Whale and Shark Watching After Crypto Markets Climb


With Bitcoin briefly eclipsing a $70K market value earlier today and Ethereum teasing the prospects of returning above $4K for the first time in over two years, now is a great time to check on how the key stakeholders are behaving for some of the largest market cap assets in crypto.


Cryptocurrency prices for your favorite assets move up and down for many reasons, but there are two general aspects you should be paying attention to:


  • Large key stakeholders (prices moving in the same direction as they accumulate or dump)
  • Small majority crowd holders (prices moving in the opposite direction as they accumulate or dump)


Today, we will be looking at how whale and shark wallets have been collectively accumulating and dumping for several of the top assets that Santiment has this relevant data on.


Many sources have their own opinions on what truly makes a "key stakeholder", but we have typically analyzed these large wallets, known for being able to sway markets, as wallets with over $100K+ in value. The two exceptions to this rule would be the ultra-large market cap assets like Bitcoin and Ethereum.

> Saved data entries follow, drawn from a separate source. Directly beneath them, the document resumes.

Lemma ipBr a b c : ip a (b - c) = ip a b - ip a c.
Proof. by rewrite ip_sym ipBl !(ip_sym a). Qed.

Lemma ip_suml (I : finType) (lam : I -> R) (e : I -> 'rV[R]_k) c :
  ip (\sum_i lam i *: e i) c = \sum_i lam i * ip (e i) c.
Proof.
rewrite ipE mulmx_suml summxE; apply: eq_bigr => i _.
by rewrite -scalemxAl mxE ipE.
Qed.

Lemma ip_evec (j : 'I_k) a : ip (evec R j) a = a 0 j.
Proof.
rewrite /ip (bigD1 j) //= big1 ?addr0; first by rewrite mxE !eqxx mul1r.
by move=> i /negPf ij; rewrite mxE ij andbF mul0r.
Qed.

Lemma ipxx_ge0 a : 0 <= ip a a.
Proof. by rewrite /ip sumr_ge0 // => i _; rewrite -expr2 sqr_ge0. Qed.

Lemma ipxx_le0 a : ip a a <= 0 -> a = 0.
Proof.
move=> a_le0; apply/rowP => j; rewrite mxE; apply/eqP; rewrite -sqrf_eq0.
have /eqP : ip a a = 0 by apply/eqP; rewrite eq_le a_le0 ipxx_ge0.
rewrite psumr_eq0 => [/allP /(_ j (mem_index_enum j)) //|i _].
by rewrite -expr2 sqr_ge0.
Qed.

Lemma ipxx_gt0 a : a != 0 -> 0 < ip a a.
Proof.
move=> a0; rewrite lt_neqAle ipxx_ge0 andbT eq_sym.
by apply: contra a0 => /eqP aa0; rewrite (ipxx_le0 (a := a)) ?aa0.
Qed.

Lemma ip_inj a b : (forall c, ip a c = ip b c) -> a = b.
Proof. by move=> ab_eq; apply/rowP => j; rewrite -!ip_evec !(ip_sym (evec R j)). Qed.

End InnerProduct.

Lemma ip_ladj (R : realType) m n (M : 'M[R]_(m, n)) y s :
  ip (ladj M y) s = ip y (lapp M s).
Proof. by rewrite !ipE /ladj /lapp trmx_mul trmxK mulmxA. Qed.

Lemma ip_row_mx (R : realType) k l (a c : 'rV[R]_k) (b d : 'rV[R]_l) :
  ip (row_mx a b) (row_mx c d) = ip a c + ip b d.
Proof.
rewrite /ip big_split_ord /=.
by congr (_ + _); apply: eq_bigr => i _; rewrite ?row_mxEl ?row_mxEr.
Qed.

Lemma ladj_comb (R : realType) m n (M : 'M[R]_(m, n)) (I : finType)
    (lam : I -> R) (e : I -> 'rV[R]_m) :
  ladj M (\sum_i lam i *: e i) = \sum_i lam i *: ladj M (e i).
Proof. by rewrite /ladj mulmx_suml; apply: eq_bigr => i _; rewrite scalemxAl. Qed.

Definition cone (R : realType) k (I : finType) (e : I -> 'rV[R]_k) : set 'rV[R]_k :=
  [set v | exists2 lam : I -> R, (forall i, 0 <= lam i) & v = \sum_i lam i *: e i].

Definition hpoly (R : realType) k (I : finType) (a : I -> 'rV[R]_k) (b : I -> R) :
    set 'rV[R]_k :=
  [set v | forall i, ip (a i) v <= b i].

Local Notation hcone a := (hpoly a (fun=> 0)).

Section Farkas.
Variable R : realType.
Implicit Types (k : nat).

Lemma farkas_seq k (I : eqType) (r : seq I) (a : I -> 'rV[R]_k) c : uniq r ->
  (exists2 lam : I -> R, (forall i, 0 <= lam i) & c = \sum_(i <- r) lam i *: a i) \/
  (exists2 w, (forall i, i \in r -> ip (a i) w <= 0) & 0 < ip c w).
Proof.
elim: r a c => [|i0 r IH] a c /=.
  have [->|c0] := eqVneq c 0; first by left; exists (fun=> 0); rewrite ?big_nil.
  by right; exists c; rewrite ?ipxx_gt0.
case/andP=> i0r uniq_r.
pose upd (lam : I -> R) t i := if i == i0 then t else lam i.
have sum_upd lam t : \sum_(i <- i0 :: r) upd lam t i *: a i =
    t *: a i0 + \sum_(i <- r) lam i *: a i.
  rewrite big_cons /upd eqxx; congr (_ + _); apply: eq_big_seq => i ir.
  by case: eqP ir => // ->; rewrite (negPf i0r).
have [[lam lam_ge0 ->]|[w w_le0 cw_gt0]] := IH a c uniq_r.
  left; exists (upd lam 0); first by move=> i; rewrite /upd; case: eqP.
  by rewrite sum_upd scale0r add0r.
have [a0w_le0|a0w_gt0] := lerP (ip (a i0) w) 0.
  by right; exists w => // i; rewrite inE => /predU1P[->|/w_le0].
(* project along [a i0] onto the hyperplane orthogonal to [w] *)
pose be := ip (a i0) w.
pose P v := v - (ip v w / be) *: a i0.
have [[mu mu_ge0 Pc]|[w' Pa_le0 Pc_gt0]] := IH (P \o a) (P c) uniq_r.
  left; pose t := (ip c w - \sum_(i <- r) mu i * ip (a i) w) / be.
  exists (upd mu t).
    move=> i; rewrite /upd; case: eqP => // _; rewrite divr_ge0 ?(ltW a0w_gt0) //.
    rewrite subr_ge0 (le_trans _ (ltW cw_gt0)) // big_seq.
    by rewrite sumr_le0 // => j jr; rewrite mulr_ge0_le0 ?w_le0.
  rewrite sum_upd -[c](subrK ((ip c w / be) *: a i0)) -/(P c) Pc /t.
  rewrite (eq_bigr (fun i => mu i *: a i - (mu i * ip (a i) w / be) *: a i0));
    last by move=> i _; rewrite scalerBr scalerA mulrA.
  rewrite sumrB -scaler_suml -mulr_suml mulrBl scalerBl.
  by rewrite [RHS]addrC addrA addrAC.
right; exists (w' - (ip (a i0) w' / be) *: w).
  have proj v : ip v (w' - (ip (a i0) w' / be) *: w) = ip (P v) w'.
    by rewrite ipBr ipZr ipBl ipZl; congr (_ - _); ring.
  move=> i; rewrite inE => /predU1P[->|ir]; last by rewrite proj; exact: Pa_le0.
  by rewrite ipBr ipZr divfK ?subrr // gt_eqF.
rewrite ipBr ipZr (_ : _ * ip c w = ip c w / be * ip (a i0) w') //; last by ring.
by move: Pc_gt0; rewrite /P ipBl ipZl.
Qed.

Lemma farkas k (I : finType) (a : I -> 'rV[R]_k) c :
  cone a c \/ exists2 w, hcone a w & 0 < ip c w.
Proof.
have [[lam]|[w w_le0]] := farkas_seq a c (index_enum_uniq I); first by left; exists lam.
by right; exists w => // i; apply: w_le0; rewrite mem_index_enum.
Qed.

Beginning with Bitcoin and top stablecoins, we refer to one of our favorite charts for analyzing future price movement, available on this template for all Sanbase PRO users or those who have an active PRO trial:



Each of these four lines represents an important aspect of how well Bitcoin and all of crypto is being set up for future price increases:

  • Bright green line - Percentage of BTC held by wallets with 10-10K BTC (down 0.40% in the past 2 months)
  • Dark green line - Total collective BTC held by wallets with 10-10K BTC (down 0.21% in the past 2 months)
  • Red line - Total collective USDT held by wallets with $100K-$10M in USDT (down 5.55% in the past 2 months)
  • Blue line - Total collective USDC held by wallets with $100K-$10M in USDC (up 11.45% in the past 2 months)

Three out of these four key lines (which have historically had leading price correlation with crypto prices) are trending in the wrong direction, assuming you're among the many bulls in crypto right now.

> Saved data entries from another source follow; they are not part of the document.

(* An own-peak-only rule $\varphi$ on $\mathcal{E}_{\mathcal{SP}}$ is simple if and only if for each economy $(R,\Omega)\in\mathcal{E}_{\mathcal{SP}}$: (i) $\varphi_i(R,\Omega)=p(R_i)$ for every $i\in N^+(R,\Omega)$, and (ii) for every $i\in N^-(R,\Omega)$, $\varphi_i(R,\Omega)$ lies between $\frac{\Omega}{n}$ and $p(R_i)$ (i.e., in the closed interval with these endpoints).
   Context: Let $N=\{1,\dots,n\}$ be a finite set of agents. A preference $R_i$ is a continuous complete preorder on $\mathbb{R}_+\cup\{\infty\}$; its peak $p(R_i)$ is the set of maximal elements. $R_i$ is single-peaked if $p(R_i)$ is a singleton (identified with its element) and for $x,x'\in\mathbb{R}_+$, $x$ is strictly preferred to $x'$ whenever $x'<x\le p(R_i)$ or $p(R_i)\le x<x'$; $\mathcal{SP}$ is the set of these. An economy is $(R,\Omega)$, $R\in\mathcal{SP}^n$, $\Omega>0$; $\mathcal{E}_{\mathcal{SP}}$ is the set of economies; a rule is a map $\varphi:\mathcal{E}_{\mathcal{SP}}\to\mathbb{R}^n_+$ with $\sum_j\varphi_j(R,\Omega)=\Omega$. Own-peak-only: $p(R_i')=p(R_i)$ implies $\varphi_i(R,\Omega)=\varphi_i(R_i',R_{-i},\Omega)$. Let $z(R,\Omega)=\sum_jp(R_j)-\Omega$. Agent $i$ is simple if ($z\ge0$ and $p(R_i)<\Omega/n$) or ($z\le0$ and $p(R_i)>\Omega/n$); $N^+(R,\Omega)$ is the set of simple agents and $N^-(R,\Omega)=N\setminus N^+(R,\Omega)$; $E(R,\Omega)=\left|\Omega-\left(\sum_{j\in N^+}p(R_j)+|N^-|\frac{\Omega}{n}\right)\right|$. An own-peak-only rule $\varphi$ is simple if for every economy and $i$: $\varphi_i=p(R_i)$ for $i\in N^+$; $\varphi_i=\frac{\Omega}{n}+\nu_i$ for $i\in N^-$ when $z\ge0$; $\varphi_i=\frac{\Omega}{n}-\nu_i$ for $i\in N^-$ when $z\le0$; where $0\le\nu_i\le|p(R_i)-\frac{\Omega}{n}|$ and $\sum_{j\in N^-}\nu_j=E(R,\Omega)$. *)

From HB Require Import structures.
From mathcomp Require Import all_boot all_order all_algebra.
From mathcomp Require Import all_classical all_reals.
From mathcomp Require Import topology ereal.
Set Implicit Arguments. Unset Strict Implicit. Unset Printing Implicit Defensive.
Import Order.TTheory GRing.Theory Num.Theory.
Local Open Scope classical_set_scope.
Local Open Scope ring_scope.

Section Defs.
Variable R : realType.

(* The consumption space R_+ \cup {oo}, as a subset of the extended reals. *)
Definition cspace : set (\bar R) := [set x | (0 <= x)%E].

(* A preference is a weak preference relation: pref x y means "x R_i y". *)
Definition pref := \bar R -> \bar R -> Prop.

Definition complete_preorder (P : pref) : Prop :=
  (forall x y, cspace x -> cspace y -> P x y \/ P y x) /\
  (forall x y z, cspace x -> cspace y -> cspace z -> P x y -> P y z -> P x z).

Definition continuous_pref (P : pref) : Prop :=
  forall x, cspace x ->
    closed [set y | cspace y /\ P y x] /\ closed [set y | cspace y /\ P x y].

Definition is_preference (P : pref) : Prop :=
  complete_preorder P /\ continuous_pref P.

Definition strict (P : pref) x y := P x y /\ ~ P y x.

Definition peakset (P : pref) : set (\bar R) :=
  [set x | cspace x /\ forall y, cspace y -> P x y].

(* the peak, identified with its (unique, for single-peaked preferences) element *)
Definition peak (P : pref) : \bar R := xget 0%E (peakset P).

Definition single_peaked (P : pref) : Prop :=
  is_preference P /\
  (exists p, peakset P = [set p]) /\
  (forall x x' : R, 0 <= x -> 0 <= x' ->
     (((x' < x)%R /\ (x%:E <= peak P)%E) \/ ((peak P <= x%:E)%E /\ (x < x')%R)) ->
     strict P x%:E x'%:E).

Variable n : nat.

Definition profile := 'I_n -> pref.

Definition economy (P : profile) (Om : R) : Prop :=
  (forall i, single_peaked (P i)) /\ 0 < Om.

Definition rule := profile -> R -> 'I_n -> R.

Definition is_rule (phi : rule) : Prop :=
  forall P Om, economy P Om ->
    (forall i, 0 <= phi P Om i) /\ \sum_(j < n) phi P Om j = Om.

Definition own_peak_only (phi : rule) : Prop :=
  forall P Om i (Q : pref), economy P Om -> single_peaked Q ->
    peak Q = peak (P i) -> phi P Om i = phi (fun j => if j == i then Q else P j) Om i.

Definition zexc (P : profile) (Om : R) : \bar R :=
  ((\sum_(j < n) peak (P j)) - Om%:E)%E.

Definition share (Om : R) : R := Om / n%:R.

Definition simple_agent (P : profile) (Om : R) (i : 'I_n) : Prop :=
  ((0 <= zexc P Om)%E /\ (peak (P i) < (share Om)%:E)%E) \/
  ((zexc P Om <= 0)%E /\ ((share Om)%:E < peak (P i))%E).

Definition Eexc (P : profile) (Om : R) : \bar R :=
  `| Om%:E - ((\sum_(j < n | `[< simple_agent P Om j >]) peak (P j))
              + (#|[pred j : 'I_n | ~~ `[< simple_agent P Om j >]]|%:R * share Om)%:E) |%E.

Definition simple_rule (phi : rule) : Prop :=
  own_peak_only phi /\
  forall P Om, economy P Om ->
    exists nu : 'I_n -> R,
      (forall i, simple_agent P Om i -> (phi P Om i)%:E = peak (P i)) /\
      (forall i, ~ simple_agent P Om i ->
         ((0 <= zexc P Om)%E -> phi P Om i = share Om + nu i) /\
         ((zexc P Om <= 0)%E -> phi P Om i = share Om - nu i) /\
         0 <= nu i /\ ((nu i)%:E <= `| peak (P i) - (share Om)%:E |)%E) /\
      ((\sum_(j < n | ~~ `[< simple_agent P Om j >]) (nu j)%:E)%E = Eexc P Om).

End Defs.

From HB Require Import structures.
From mathcomp Require Import all_boot all_order all_algebra lra.
From mathcomp Require Import all_classical all_reals.
From mathcomp Require Import topology ereal.
Import Order.TTheory GRing.Theory Num.Theory.
(* A non-simple agent is one whose peak lies on the side of Omega/n towards which the
   excess demand z pushes, so every phi_i between Omega/n and p_i deviates from
   Omega/n in the direction of sign z.  Taking nu_i := |phi_i - Omega/n| therefore
   realizes phi_i = Omega/n +- nu_i with nu_i <= |p_i - Omega/n|, and since all
   deviations on N^- have one sign, feasibility sum_j phi_j = Omega turns
   sum_{N^-} nu_j into |Omega - (sum_{N^+} p_j + |N^-| Omega/n)| = E.  Conversely
   phi_i = Omega/n +- nu_i with 0 <= nu_i <= |p_i - Omega/n| lies between Omega/n
   and p_i. *)

Set Implicit Arguments. Unset Strict Implicit. Unset Printing Implicit Defensive.
Local Open Scope ring_scope.

Lemma norm_sumr_same_sign (R : realDomainType) (I : finType) (A : pred I) (F : I -> R) :
  (forall i, A i -> 0 <= F i) \/ (forall i, A i -> F i <= 0) ->
  `|\sum_(i | A i) F i| = \sum_(i | A i) `|F i|.
Proof.
case=> sgnF.
- by rewrite ger0_norm ?sumr_ge0 //; apply: eq_bigr => i /sgnF/ger0_norm.
- by rewrite ler0_norm ?sumr_le0 // -sumrN; apply: eq_bigr => i /sgnF/ler0_norm.
Qed.

Section Between.
Variable R : realDomainType.
Local Open Scope ereal_scope.

Definition betweenE (a b x : \bar R) : Prop := (a <= x /\ x <= b) \/ (b <= x /\ x <= a).

Variables (s x : R) (p : \bar R).

Lemma betweenE_norm_le : betweenE s%:E p x%:E -> `|x - s|%:E <= `|p - s%:E|.
Proof.
case: p => [r | | ] //=; rewrite ?leey // /betweenE !lee_fin.
by case=> -[? ?]; [rewrite !ger0_norm | rewrite !ler0_norm]; lra.
Qed.

Lemma betweenE_ge : s%:E <= p -> betweenE s%:E p x%:E -> (s <= x)%R.
Proof.
case: p => [r | | ] //=; rewrite /betweenE ?lee_fin ?leye_eq.
- by move=> ? [[] | []]; lra.
- by move=> _ [[] | []].
Qed.

Lemma betweenE_le : p <= s%:E -> betweenE s%:E p x%:E -> (x <= s)%R.
Proof.
case: p => [r | | ] //=; rewrite /betweenE ?lee_fin ?leeNy_eq.
- by move=> ? [[] | []]; lra.
- by move=> _ [[] | []].
Qed.

Lemma betweenE_addr (nu : R) : s%:E <= p -> (0 <= nu)%R -> nu%:E <= `|p - s%:E| ->
  betweenE s%:E p (s + nu)%:E.
Proof.
case: p => [r | | ] //= sp nu_ge0 nu_le; left; rewrite ?leey !lee_fin.
- rewrite lee_fin in sp; move: nu_le; rewrite ger0_norm ?subr_ge0 // lee_fin; lra.
- by split=> //; lra.
Qed.

Lemma betweenE_subr (nu : R) : p <= s%:E -> (0 <= nu)%R -> nu%:E <= `|p - s%:E| ->
  betweenE s%:E p (s - nu)%:E.
Proof.
case: p => [r | | ] //= sp nu_ge0 nu_le; right; rewrite ?leNye !lee_fin.
- rewrite lee_fin in sp; move: nu_le; rewrite ler0_norm ?subr_le0 // lee_fin; lra.
- by split=> //; lra.
Qed.

End Between.

Section Economy.
Variables (R : realType) (n : nat) (P : profile R n) (Om : R).
Local Notation s := (share n Om).
Local Notation simple := (simple_agent P Om).

Lemma nonsimple_share_le_peak i :
  ~ simple i -> (0 <= zexc P Om)%E -> (s%:E <= peak (P i))%E.
Proof. by move=> nsi z_ge0; rewrite leNgt; apply/negP => lt; apply: nsi; left. Qed.

Lemma nonsimple_peak_le_share i :
  ~ simple i -> (zexc P Om <= 0)%E -> (peak (P i) <= s%:E)%E.
Proof. by move=> nsi z_le0; rewrite leNgt; apply/negP => lt; apply: nsi; right. Qed.

Lemma Eexc_allocation (x : 'I_n -> R) :
  \sum_j x j = Om -> (forall i, simple i -> (x i)%:E = peak (P i)) ->
  Eexc P Om = `|\sum_(j | ~~ `[< simple j >]) (x j - s)|%:E.
Proof.
move=> sum_x x_simple; rewrite /Eexc.
have -> : (\sum_(j | `[< simple j >]) peak (P j) =
           (\sum_(j | `[< simple j >]) x j)%:E)%E.
  by rewrite -sumEFin; apply: eq_bigr => j /asboolP/x_simple.
have -> : #|[pred j | ~~ `[< simple j >]]|%:R * s = \sum_(j | ~~ `[< simple j >]) s.
  by rewrite sumr_const mulr_natl.
rewrite -EFinD /= sumrB -[in X in X - _]sum_x (bigID (fun j => `[< simple j >])) /=.
by rewrite opprD addrACA subrr add0r.
Qed.

Definition simple_allocation (x : 'I_n -> R) : Prop :=
  exists nu : 'I_n -> R,
    (forall i, simple i -> (x i)%:E = peak (P i)) /\
    (forall i, ~ simple i ->
       ((0 <= zexc P Om)%E -> x i = s + nu i) /\
       ((zexc P Om <= 0)%E -> x i = s - nu i) /\
       0 <= nu i /\ ((nu i)%:E <= `| peak (P i) - s%:E |)%E) /\
    ((\sum_(j < n | ~~ `[< simple j >]) (nu j)%:E)%E = Eexc P Om).

Definition bounded_allocation (x : 'I_n -> R) : Prop :=
  (forall i, simple i -> (x i)%:E = peak (P i)) /\
  (forall i, ~ simple i -> betweenE s%:E (peak (P i)) (x i)%:E).

Lemma simple_allocation_bounded x : simple_allocation x -> bounded_allocation x.
Proof.
case=> nu [x_simple [x_nonsimple _]]; split=> // i nsi.
have [x_add [x_sub [nu_ge0 nu_le]]] := x_nonsimple i nsi.
have [z_ge0 | /ltW z_le0] := leP 0%E (zexc P Om).
- by rewrite (x_add z_ge0); apply: betweenE_addr => //; apply: nonsimple_share_le_peak.
- by rewrite (x_sub z_le0); apply: betweenE_subr => //; apply: nonsimple_peak_le_share.
Qed.

Lemma bounded_allocation_simple x :
  \sum_j x j = Om -> bounded_allocation x -> simple_allocation x.
Proof.
move=> sum_x [x_simple x_between].
have x_ge_s i : ~ simple i -> (0 <= zexc P Om)%E -> s <= x i.
  by move=> nsi z_ge0; apply: betweenE_ge (x_between i nsi); apply: nonsimple_share_le_peak.
have x_le_s i : ~ simple i -> (zexc P Om <= 0)%E -> x i <= s.
  by move=> nsi z_le0; apply: betweenE_le (x_between i nsi); apply: nonsimple_peak_le_share.
exists (fun i => `|x i - s|); split=> //; split.
- move=> i nsi; split; [|split].
  + by move=> /(x_ge_s i nsi) s_le; rewrite ger0_norm ?subr_ge0 // addrC subrK.
  + by move=> /(x_le_s i nsi) le_s; rewrite ler0_norm ?subr_le0 // opprK addrC subrK.
  + by split; [exact: normr_ge0 | exact: betweenE_norm_le (x_between i nsi)].
- rewrite (Eexc_allocation sum_x x_simple) sumEFin norm_sumr_same_sign //.
  have [z_ge0 | z_lt0] := leP 0%E (zexc P Om); [left | right] => i /asboolP nsi.
  + by rewrite subr_ge0 x_ge_s.
  + by rewrite subr_le0 x_le_s // ltW.
Qed.

End Economy.

Theorem lemma1 (R : realType) (n : nat) (phi : rule R n) :
  is_rule phi -> own_peak_only phi ->
  (simple_rule phi <->
   (forall (P : profile R n) (Om : R), economy P Om ->
      (forall i, simple_agent P Om i -> (phi P Om i)%:E = peak (P i)) /\
      (forall i, ~ simple_agent P Om i ->
         (((share n Om)%:E <= (phi P Om i)%:E)%E /\ ((phi P Om i)%:E <= peak (P i))%E) \/
         ((peak (P i) <= (phi P Om i)%:E)%E /\ ((phi P Om i)%:E <= (share n Om)%:E)%E)))).
Proof.
move=> phi_rule phi_opo; split=> [[_ phi_simple] P Om econ | phi_bounded].
  exact/simple_allocation_bounded/phi_simple.
split=> // P Om econ; apply: bounded_allocation_simple.
- exact: (phi_rule P Om econ).2.
- exact: phi_bounded.
Qed.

It's nice to see that large holders are piling in to USD Coin right now, implying growing dry powder (buying power) in case of any dips. But whales' accumulation of the second largest stablecoin arguably does not make up for the continued heavy dumping of the world's largest stablecoin, Tether.


As for Bitcoin, the very mild declines of BTC held by sharks and whales isn't exactly a major concern. After all, if we zoom out to the past 6 months and isolate the 10-10K BTC collective holdings, this mild 2-month drop still shows how far up their long-term accumulation pattern is, especially if we go back to January 27th and realize these wallets have still added a collective 187.96K since that date:


But what about overall whale activity? We can often see price reversals when looking at just how many overall whale transactions ($100K+ or $1M+) there are on the BTC network on a daily basis. The general rule of thumb for whale transactions, among other key on-chain metrics is:


  • If prices are moving up at the time of a big whale transaction spike, then there is an increased likelihood that prices are about to correct and drop back down
  • If prices are moving down at the time of a big whale transaction spike, then there is an increased likelihood that prices are about to bounce and rise back up


First, looking at the amount of $100K+ BTC daily transfers, it's clear that whale activity has been on the decline for about three months now, dating back to a couple weeks before Bitcoin's March 14th all-time high. This isn't necessarily bad, as it simply reflects that large key stakeholders are not finding any significant opportunities to profit take or accumulate right now.


The amount of $1M+ BTC daily transfers does not look much different, although there was a pretty noticeable spike on May 20th, right after crypto's top asset was making a run toward the all-time high again and reaching as high as $71.4K. This spike, based on the timing of that rebound, was very likely a profit take that signaled a top.

In most cases, whale transactions become the most prevalent when volatility is reaching its peak, or there has been a significant swing in one direction, such as the market drops during the FTX collapse in November, 2022 or the market surges right before Bitcoin's all-time high hit in March, 2024.


In terms of other assets, we can take a quick look at what direction Ethereum key stakeholders are moving as of late. The #2 market cap asset in crypto needs to be taken with a bit of a grain of salt when it comes to whale analysis, as DeFi and staking tokens can often skew data and break very large wallets owned by whales into many smaller addresses (which give the appearance of not being owned by whales).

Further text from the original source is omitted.